Of all the lines below, output only those starting at the one with "Lemma qneg_inj : injective (@qneg N)." and ending at the one with "rewrite (pair_big xpredT", both ends included, exactly as written.

------ Data for analysis

(* For every $m\geq1$ and every $i\in\{1,\dots,N\}$, $$C^{(2m+1)}_{ii}\cdot v=\lambda_i\, C^{(2m)}_{ii}\cdot v-G_i\,C^{(2m)}_{-i,i}\cdot v.$$
   Context: Let $N\geq1$, $I=\{-N,\dots,-1,1,\dots,N\}$, and for $k\in I$ put $\bar k=0$ if $k>0$, $\bar k=1$ if $k<0$. The Lie superalgebra $\mathfrak{q}(N)$ over $\mathbb{C}$ is spanned by elements $F_{ij}$ ($i,j\in I$) with $F_{-i,-j}=F_{ij}$ (realized as $F_{ij}=E_{ij}+E_{-i,-j}\in\mathfrak{gl}(N|N)$), $F_{ij}$ of parity $\bar\imath+\bar\jmath\bmod 2$, and supercommutator $$[F_{ij}, F_{kl}] = \delta_{kj} F_{il} - (-1)^{(\bar{\imath}+ \bar{\jmath})(\bar{k} + \bar{l})} \delta_{il} F_{kj} + \delta_{k,-j} F_{-i,l} - (-1)^{(\bar{\imath} + \bar{\jmath})(\bar{k} + \bar{l})} \delta_{-i,l} F_{k,-j}.$$ For $n\geq1$ define $C^{(n)}_{ij}\in U(\mathfrak{q}(N))$ by $$C^{(n)}_{ij} = \sum_{k_1,\ldots,k_{n-1}\in I}F_{ik_1} (-1)^{\bar{k}_1} F_{k_1k_2} (-1)^{\bar{k}_2} \cdots F_{k_{n-2}k_{n-1}} (-1)^{\bar{k}_{n-1}} F_{k_{n-1}j}$$ (so $C^{(1)}_{ij}=F_{ij}$). For $i>0$ let $G_i=F_{-i,i}$ $(=F_{i,-i})$. Let $V$ be a representation of $\mathfrak{q}(N)$ and $v\in V$ a vector such that $F_{ij}\cdot v=0$ whenever $|i|<|j|$, and $F_{ii}\cdot v=\lambda_i v$ for $i=1,\dots,N$, where $\lambda_1,\dots,\lambda_N\in\mathbb{C}$. *)

From HB Require Import structures.
From mathcomp Require Import all_boot all_order all_algebra.
Set Implicit Arguments. Unset Strict Implicit. Unset Printing Implicit Defensive.
Import Order.TTheory GRing.Theory Num.Theory.
Local Open Scope ring_scope.

(* Index set I = {-N,...,-1,1,...,N}.  The pair (a, b) with a : 'I_N encodes
   the index  (a+1)  if b = false  and  -(a+1)  if b = true.
   Hence |k| = a+1 and bar k = b. *)
Definition qidx (N : nat) : finType := ('I_N * bool)%type.

Definition qabs {N} (k : qidx N) : nat := (k.1).+1.
Definition qpar {N} (k : qidx N) : bool := k.2.
Definition qneg {N} (k : qidx N) : qidx N := (k.1, ~~ k.2).
Definition qpos {N} (a : 'I_N) : qidx N := (a, false).

Definition qsgn {K : pzRingType} (b : bool) : K := (-1) ^+ b.

(* rho : I -> I -> End(V) is a representation of q(N), where rho i j is the
   action of F_{ij}: the identification F_{-i,-j} = F_{ij} and the
   supercommutator relations of q(N) hold. *)
Definition is_qrep (K : pzRingType) (N : nat) (V : lmodType K)
    (rho : qidx N -> qidx N -> {linear V -> V}) : Prop :=
  (forall i j, rho (qneg i) (qneg j) =1 rho i j) /\
  (forall i j k l (w : V),
     let s : K := qsgn ((qpar i (+) qpar j) && (qpar k (+) qpar l)) in
     rho i j (rho k l w) - s *: rho k l (rho i j w) =
       (k == j)%:R *: rho i l w
       - s *: ((i == l)%:R *: rho k j w)
       + (k == qneg j)%:R *: rho (qneg i) l w
       - s *: ((qneg i == l)%:R *: rho k (qneg j) w)).

(* Caux n i j w = C^{(n+1)}_{ij} . w, using
   C^{(n+1)}_{ij} = sum_k F_{ik} (-1)^{bar k} C^{(n)}_{kj}. *)
Fixpoint Caux (K : pzRingType) (N : nat) (V : lmodType K)
    (rho : qidx N -> qidx N -> {linear V -> V}) (n : nat)
    (i j : qidx N) (w : V) : V :=
  match n with
  | 0 => rho i j w
  | n'.+1 => \sum_(k : qidx N) qsgn (qpar k) *: rho i k (Caux rho n' k j w)
  end.

(* Cact rho n i j w = C^{(n)}_{ij} . w  (for n >= 1). *)
Definition Cact (K : pzRingType) (N : nat) (V : lmodType K)
    (rho : qidx N -> qidx N -> {linear V -> V}) (n : nat)
    (i j : qidx N) (w : V) : V := Caux rho n.-1 i j w.

(* The argument:
   - Caux_bracket: the entries of C^{(n+1)} are covariant, i.e. they
     supercommute with every F_{ij} by the same rule as the F_{kl};
     this is proved by induction on n from the Leibniz rule.
   - Consequences: C^{(n+1)}_{-i,-j} = (-1)^n C^{(n+1)}_{ij} (Caux_neg), C_{xx}
     preserves F_{xx}-eigenvectors, and, for a highest weight vector v,
     C_{ki} v = 0 when |k| < |i|, while F_{xp} C_{px} v = C_{xx} v -
     (-1)^{bar p} C_{pp} v for x > 0 and |x| < |p|.
   - Expanding C^{(n+2)}_{aa} v = sum_p (-1)^{bar p} F_{ap} C^{(n+1)}_{pa} v
     and grouping p with -p, the pairs with |p| < |a| vanish, those with
     |p| > |a| cancel when n + 1 is even, and the pair {a, -a} gives the
     claimed right-hand side. *)

From HB Require Import structures.
From mathcomp Require Import all_boot all_order all_algebra.
From mathcomp Require Import ring.
Import Order.TTheory GRing.Theory Num.Theory.
Local Open Scope ring_scope.

Section SignedIndices.
Context {N : nat}.
Implicit Types x y : qidx N.

Lemma qnegK : involutive (@qneg N).
Proof. by case=> a b; rewrite /qneg /= negbK. Qed.

Lemma qneg_inj : injective (@qneg N).
Proof. exact: inv_inj qnegK. Qed.

Lemma qneg_neq x : (x == qneg x) = false.
Proof. by case: x => a b; rewrite /qneg xpair_eqE eqxx; case: b. Qed.

Lemma qabs_neq x y : qabs x != qabs y -> (x == y) = false.
Proof. by apply: contraNF => /eqP ->. Qed.

Lemma sum_qidx {V : nmodType} (f : qidx N -> V) :
  \sum_(p : qidx N) f p = \sum_(b < N) (f (b, false) + f (b, true)).
Proof.
rewrite [RHS](eq_bigr (fun b => \sum_(c : bool) f (b, c))); last first.
  by move=> b _; rewrite big_bool addrC.
rewrite (pair_big xpredT xpredT (fun b c => f (b, c))) /=.
by apply: eq_bigr => -[].
Qed.

Lemma sum_scale_delta {K : pzRingType} {V : lmodType K} (q : qidx N)
    (c : qidx N -> K) (f : qidx N -> V) :
  \sum_(p : qidx N) (c p * (p == q)%:R) *: f p = c q *: f q.
Proof.
rewrite (bigD1 q) //= eqxx mulr1 big1 ?addr0 // => p /negbTE ->.
by rewrite mulr0 scale0r.
Qed.

Lemma sum_scale_delta' {K : pzRingType} {V : lmodType K} (q : qidx N)
    (c : qidx N -> K) (f : qidx N -> V) :
  \sum_(p : qidx N) (c p * (q == p)%:R) *: f p = c q *: f q.
Proof.
by rewrite -(sum_scale_delta q); apply: eq_bigr => p _; rewrite eq_sym.
Qed.

End SignedIndices.

Lemma addr_cancel_crossed (V : zmodType) (a b c d e f : V) :
  a - b + c - d + (b - e + d - f) = a - e + c - f.
Proof.
rewrite -!addrA; congr (_ + _).
by rewrite [- d + _]addrCA [c + (b + _)]addrCA addKr [- d + _]addrCA addKr addrCA.
Qed.

Lemma qsgnE (K : pzRingType) (b : bool) : qsgn b = (if b then -1 else 1 : K).
Proof. by case: b; rewrite /qsgn ?expr1 ?expr0. Qed.

Lemma qsgn_neg (K : pzRingType) (b : bool) : qsgn (~~ b) = - qsgn b :> K.
Proof. by rewrite !qsgnE; case: b; rewrite ?opprK. Qed.

Section Representation.
Context {K : comPzRingType} {N : nat} {V : lmodType K}
  {rho : qidx N -> qidx N -> {linear V -> V}}.
Implicit Types (i j k l p : qidx N) (w : V).

Lemma rhoZ i j (c : K) w : rho i j (c *: w) = c *: rho i j w.
Proof. exact: linearZZ. Qed.
Lemma rhoD i j w w' : rho i j (w + w') = rho i j w + rho i j w'.
Proof. exact: raddfD. Qed.
Lemma rhoB i j w w' : rho i j (w - w') = rho i j w - rho i j w'.
Proof. exact: raddfB. Qed.
Lemma rho0 i j : rho i j 0 = 0.
Proof. exact: raddf0. Qed.
Lemma rhoN i j w : rho i j (- w) = - rho i j w.
Proof. exact: raddfN. Qed.

Lemma CauxZ n i j (c : K) w : Caux rho n i j (c *: w) = c *: Caux rho n i j w.
Proof.
elim: n i j => [|n IH] i j /=; first exact: rhoZ.
rewrite scaler_sumr; apply: eq_bigr => p _.
by rewrite IH rhoZ !scalerA mulrC.
Qed.

Lemma Caux0 n i j : Caux rho n i j 0 = 0.
Proof. by have := CauxZ n i j 0 0; rewrite !scale0r. Qed.

Definition ssign i j k l : K :=
  qsgn ((qpar i (+) qpar j) && (qpar k (+) qpar l)).

Lemma ssignM i j k p l : ssign i j k p * ssign i j p l = ssign i j k l.
Proof.
rewrite /ssign !qsgnE.
by case: (qpar i) (qpar j) (qpar k) (qpar p) (qpar l) => [] [] [] [] [] /=; ring.
Qed.

Hypothesis rho_rep : is_qrep rho.

Lemma Caux_bracket n i j k l w :
  rho i j (Caux rho n k l w) - ssign i j k l *: Caux rho n k l (rho i j w) =
  (k == j)%:R *: Caux rho n i l w
  - ssign i j k l *: ((i == l)%:R *: Caux rho n k j w)
  + (k == qneg j)%:R *: Caux rho n (qneg i) l w
  - ssign i j k l *: ((qneg i == l)%:R *: Caux rho n k (qneg j) w).
Proof.
elim: n k l w => [|n IH] k l w; first exact: rho_rep.2.
rewrite /= raddf_sum scaler_sumr -sumrB.
(* Leibniz rule: [F_ij, F_kp C_pl] = [F_ij, F_kp] C_pl + s F_kp [F_ij, C_pl]. *)
have leibniz p : rho i j (qsgn (qpar p) *: rho k p (Caux rho n p l w))
    - ssign i j k l *: (qsgn (qpar p) *: rho k p (Caux rho n p l (rho i j w)))
  = qsgn (qpar p) *: (rho i j (rho k p (Caux rho n p l w))
                      - ssign i j k p *: rho k p (rho i j (Caux rho n p l w)))
    + (qsgn (qpar p) * ssign i j k p) *: rho k p (rho i j (Caux rho n p l w)
                      - ssign i j p l *: Caux rho n p l (rho i j w)).
  rewrite rhoZ rhoB rhoZ !scalerBr !scalerA -(ssignM i j k p l).
  by rewrite addrA subrK; congr (_ - _ *: _); ring.
rewrite (eq_bigr _ (fun p _ => leibniz p)).
under eq_bigr => p _ do rewrite (rho_rep.2 i j k p) -/(ssign i j k p) IH.
under eq_bigr => p _ do rewrite !rhoD !rhoN !rhoZ !scalerDr !scalerN !scalerA.
rewrite !(big_split, sumrB) /= !sumrN.
rewrite !sum_scale_delta !sum_scale_delta'.
have sign_i : qsgn (qpar i) * ssign i j k i = qsgn (qpar j) * ssign i j k j.
  rewrite /ssign !qsgnE.
  by case: (qpar i) (qpar j) (qpar k) => [] [] [] /=; ring.
have sign_negi : qsgn (qpar (qneg i)) * ssign i j k (qneg i)
               = qsgn (qpar (qneg j)) * ssign i j k (qneg j).
  rewrite /ssign /qpar /= !qsgnE.
  by case: i.2 j.2 k.2 => [] [] [] /=; ring.
rewrite sign_i sign_negi addr_cancel_crossed !scaler_sumr.
by congr (_ - _ + _ - _); apply: eq_bigr => p _; rewrite !scalerA;
  congr (_ *: _); rewrite -?(ssignM i j k p l); ring.
Qed.

(* Since F_{-k,-l} = F_{kl} and (-1)^{bar k} flips under k |-> -k,
   C^{(n+1)}_{-i,-j} = (-1)^n C^{(n+1)}_{ij}. *)
Lemma Caux_neg n i j w :
  Caux rho n (qneg i) (qneg j) w = qsgn (odd n) *: Caux rho n i j w.
Proof.
elim: n i j w => [|n IH] i j w /=; first by rewrite rho_rep.1 qsgnE scale1r.
rewrite (reindex_inj qneg_inj) scaler_sumr; apply: eq_bigr => p _.
rewrite IH rho_rep.1 rhoZ !scalerA /qpar /= !qsgn_neg.
by congr (_ *: _); ring.
Qed.

(* The diagonal entry C_{xx} commutes with F_{xx}; hence it preserves the
   F_{xx}-eigenvectors. *)
Lemma rho_Caux_diag {x} {v : V} {c : K} :
  rho x x v = c *: v -> forall n, rho x x (Caux rho n x x v) = c *: Caux rho n x x v.
Proof.
move=> eigen_v n; have := Caux_bracket n x x x x v.
rewrite eigen_v CauxZ eqxx (qneg_neq x) eq_sym (qneg_neq x) /ssign addbb /=.
rewrite qsgnE !scale1r !scale0r subrr add0r subr0.
by move/eqP; rewrite subr_eq0 => /eqP.
Qed.

Section HighestWeight.
Variable v : V.
Hypothesis highest : forall x y, (qabs x < qabs y)%N -> rho x y v = 0.

(* For |k| < |p|, F_{kp} moves the row index of C_{pi} v from p to k
   (the remaining bracket terms need |k| = |i|). *)
Lemma rho_Caux_lower n k p i :
  (qabs k < qabs p)%N -> qabs k != qabs i ->
  rho k p (Caux rho n p i v) = Caux rho n k i v.
Proof.
move=> lt_kp ne_ki; have := Caux_bracket n k p p i v.
rewrite highest // Caux0 scaler0 subr0 eqxx scale1r (qneg_neq p).
rewrite (qabs_neq k i ne_ki) (qabs_neq (qneg k) i ne_ki).
by rewrite !scale0r !scaler0 !subr0 addr0.
Qed.

Lemma Caux_lower_hw n k i : (qabs k < qabs i)%N -> Caux rho n k i v = 0.
Proof.
elim: n k => [|n IH] k lt_ki /=; first exact: highest.
rewrite sum_qidx big1 // => b _.
have [lt_bi | le_ib] := ltnP b.+1 (qabs i).
  by rewrite !IH // !rho0 !scaler0 addr0.
have lt_kb : (qabs k < b.+1)%N := leq_trans lt_ki le_ib.
have ne_ki : qabs k != qabs i by rewrite neq_ltn lt_ki.
rewrite !rho_Caux_lower // !qsgnE scale1r scaleN1r.
exact: subrr.
Qed.

Lemma rho_Caux_upper n x p :
  qpar x = false -> (qabs x < qabs p)%N ->
  rho x p (Caux rho n p x v) = Caux rho n x x v - qsgn (qpar p) *: Caux rho n p p v.
Proof.
move=> pos_x lt_xp; have := Caux_bracket n x p p x v.
rewrite highest // Caux0 scaler0 subr0 !eqxx !scale1r (qneg_neq p).
rewrite eq_sym (qneg_neq x) !scale0r !scaler0 subr0 addr0 /ssign pos_x /=.
by case: (qpar p).
Qed.

Section TopDiagonalEntry.
Variables (a : 'I_N) (lambda : K).
Hypothesis weight : rho (qpos a) (qpos a) v = lambda *: v.

Definition top_summand n (p : qidx N) : V :=
  qsgn (qpar p) *: rho (qpos a) p (Caux rho n p (qpos a) v).

Lemma Caux_top_sum n :
  Caux rho n.+1 (qpos a) (qpos a) v =
  \sum_(b < N) (top_summand n (b, false) + top_summand n (b, true)).
Proof. exact: sum_qidx. Qed.

(* Indices of absolute value below |a| contribute nothing ... *)
Lemma top_pair_below n (b : 'I_N) :
  (b < a)%N -> top_summand n (b, false) + top_summand n (b, true) = 0.
Proof.
move=> lt_ba.
by rewrite /top_summand !Caux_lower_hw // !rho0 !scaler0 addr0.
Qed.

(* ... and neither do those above |a| when n + 1 is even: the two
   signed indices give C_{aa} v - C_{bb} v and -(C_{aa} v + C_{-b,-b} v),
   while C_{-b,-b} = - C_{bb}. *)
Lemma top_pair_above n (b : 'I_N) : odd n ->
  (a < b)%N -> top_summand n (b, false) + top_summand n (b, true) = 0.
Proof.
move=> odd_n lt_ab.
have neg_b : Caux rho n (b, true) (b, true) v = - Caux rho n (b, false) (b, false) v.
  by rewrite -[(b, true)]/(qneg (b, false)) Caux_neg // odd_n qsgnE scaleN1r.
rewrite /top_summand !rho_Caux_upper // neg_b !qsgnE /=.
by rewrite !scale1r !scaleN1r opprK subrr.
Qed.

Lemma top_pair_diag n :
  top_summand n (qpos a) + top_summand n (qneg (qpos a)) =
  lambda *: Caux rho n (qpos a) (qpos a) v
  - rho (qneg (qpos a)) (qpos a) (Caux rho n (qneg (qpos a)) (qpos a) v).
Proof.
have F_sym := rho_rep.1 (qneg (qpos a)) (qpos a); rewrite qnegK in F_sym.
rewrite /top_summand (rho_Caux_diag weight) F_sym !qsgnE /=.
by rewrite scale1r scaleN1r.
Qed.

Lemma Caux_top_diag n : odd n ->
  Caux rho n.+1 (qpos a) (qpos a) v =
  lambda *: Caux rho n (qpos a) (qpos a) v
  - rho (qneg (qpos a)) (qpos a) (Caux rho n (qneg (qpos a)) (qpos a) v).
Proof.
move=> odd_n; rewrite Caux_top_sum (bigD1 a) //= big1 ?addr0.
  exact: top_pair_diag.
move=> b ne_ba; case: (ltngtP b a) => [lt_ba | lt_ab | eq_ba].
- exact: top_pair_below.
- exact: top_pair_above.
- by move: ne_ba; rewrite (val_inj eq_ba) eqxx.
Qed.

End TopDiagonalEntry.
End HighestWeight.
End Representation.

Theorem mainTheorem6 (K : numClosedFieldType) (N : nat) (V : lmodType K)
    (rho : qidx N -> qidx N -> {linear V -> V})
    (v : V) (lambda : 'I_N -> K) :
  (0 < N)%N ->
  is_qrep rho ->
  (forall i j : qidx N, (qabs i < qabs j)%N -> rho i j v = 0) ->
  (forall a : 'I_N, rho (qpos a) (qpos a) v = lambda a *: v) ->
  forall (m : nat) (a : 'I_N), (1 <= m)%N ->
    Cact rho (2 * m).+1 (qpos a) (qpos a) v =
      lambda a *: Cact rho (2 * m) (qpos a) (qpos a) v
      - rho (qneg (qpos a)) (qpos a) (Cact rho (2 * m) (qneg (qpos a)) (qpos a) v).
Proof.
move=> _ rho_rep highest weight m a m_pos.
have [n def_2m] : exists n, (2 * m)%N = n.+1.
  by exists (2 * m).-1; rewrite prednK // muln_gt0.
have odd_n : odd n by move: (oddM 2 m); rewrite def_2m /= => /negbFE.
by rewrite /Cact def_2m !succnK; apply: Caux_top_diag.
Qed.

------------

Reply ▸
Lemma qneg_inj : injective (@qneg N).
Proof. exact: inv_inj qnegK. Qed.

Lemma qneg_neq x : (x == qneg x) = false.
Proof. by case: x => a b; rewrite /qneg xpair_eqE eqxx; case: b. Qed.

Lemma qabs_neq x y : qabs x != qabs y -> (x == y) = false.
Proof. by apply: contraNF => /eqP ->. Qed.

Lemma sum_qidx {V : nmodType} (f : qidx N -> V) :
  \sum_(p : qidx N) f p = \sum_(b < N) (f (b, false) + f (b, true)).
Proof.
rewrite [RHS](eq_bigr (fun b => \sum_(c : bool) f (b, c))); last first.
  by move=> b _; rewrite big_bool addrC.
rewrite (pair_big xpredT xpredT (fun b c => f (b, c))) /=.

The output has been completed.